Start of INFORMATION GIVEN

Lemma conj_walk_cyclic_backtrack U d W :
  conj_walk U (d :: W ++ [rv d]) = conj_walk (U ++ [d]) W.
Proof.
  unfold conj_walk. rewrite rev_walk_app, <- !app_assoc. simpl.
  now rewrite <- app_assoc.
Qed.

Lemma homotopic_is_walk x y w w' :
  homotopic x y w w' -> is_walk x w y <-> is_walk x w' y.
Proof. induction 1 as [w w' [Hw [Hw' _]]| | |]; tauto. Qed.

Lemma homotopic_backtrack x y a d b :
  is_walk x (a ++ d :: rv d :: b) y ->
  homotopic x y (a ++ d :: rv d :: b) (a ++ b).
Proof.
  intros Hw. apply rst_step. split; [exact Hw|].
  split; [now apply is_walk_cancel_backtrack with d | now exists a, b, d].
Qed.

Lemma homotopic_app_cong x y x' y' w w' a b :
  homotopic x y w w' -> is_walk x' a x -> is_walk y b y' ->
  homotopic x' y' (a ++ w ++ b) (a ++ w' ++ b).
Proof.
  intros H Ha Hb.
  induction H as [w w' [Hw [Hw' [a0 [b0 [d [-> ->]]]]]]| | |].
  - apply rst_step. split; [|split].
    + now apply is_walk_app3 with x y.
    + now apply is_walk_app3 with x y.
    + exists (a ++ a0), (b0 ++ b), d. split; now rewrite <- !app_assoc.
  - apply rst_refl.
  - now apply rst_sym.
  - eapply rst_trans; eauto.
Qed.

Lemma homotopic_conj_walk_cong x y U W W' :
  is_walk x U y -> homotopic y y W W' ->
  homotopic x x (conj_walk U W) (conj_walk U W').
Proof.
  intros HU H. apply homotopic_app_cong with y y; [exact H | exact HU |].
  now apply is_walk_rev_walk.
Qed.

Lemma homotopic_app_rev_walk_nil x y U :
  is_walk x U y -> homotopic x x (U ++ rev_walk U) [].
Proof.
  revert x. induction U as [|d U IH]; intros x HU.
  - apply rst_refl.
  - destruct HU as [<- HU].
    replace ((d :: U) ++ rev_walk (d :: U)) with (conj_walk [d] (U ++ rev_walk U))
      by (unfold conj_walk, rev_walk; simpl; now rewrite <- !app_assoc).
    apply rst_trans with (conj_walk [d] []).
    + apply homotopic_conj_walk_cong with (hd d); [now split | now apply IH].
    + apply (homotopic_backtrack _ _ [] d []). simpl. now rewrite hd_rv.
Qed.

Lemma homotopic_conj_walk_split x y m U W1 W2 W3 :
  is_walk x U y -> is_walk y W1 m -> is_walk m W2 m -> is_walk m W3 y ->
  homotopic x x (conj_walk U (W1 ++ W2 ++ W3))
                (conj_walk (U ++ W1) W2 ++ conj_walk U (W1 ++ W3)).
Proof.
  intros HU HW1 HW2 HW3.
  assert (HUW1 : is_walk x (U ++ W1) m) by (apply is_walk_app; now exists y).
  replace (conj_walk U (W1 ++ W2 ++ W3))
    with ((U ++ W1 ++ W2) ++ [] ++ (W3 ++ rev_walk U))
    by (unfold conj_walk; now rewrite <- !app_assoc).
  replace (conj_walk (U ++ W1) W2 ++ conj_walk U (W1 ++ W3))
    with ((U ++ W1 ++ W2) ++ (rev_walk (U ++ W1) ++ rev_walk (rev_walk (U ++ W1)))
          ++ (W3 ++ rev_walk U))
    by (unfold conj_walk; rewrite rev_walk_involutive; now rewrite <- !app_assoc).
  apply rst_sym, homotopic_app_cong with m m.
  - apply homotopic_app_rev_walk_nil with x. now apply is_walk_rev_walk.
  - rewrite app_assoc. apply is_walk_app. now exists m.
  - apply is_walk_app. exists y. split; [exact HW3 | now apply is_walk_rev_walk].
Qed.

End of INFORMATION GIVEN

_WHAT THE EXERCISE ASKS_
Starting with the line that contains "- apply homotopic_app_rev_walk_nil", write out each line through the end of the listing, exactly as it appears, and include nothing else.

_RESULT_
  - apply homotopic_app_rev_walk_nil with x. now apply is_walk_rev_walk.
  - rewrite app_assoc. apply is_walk_app. now exists m.
  - apply is_walk_app. exists y. split; [exact HW3 | now apply is_walk_rev_walk].
Qed.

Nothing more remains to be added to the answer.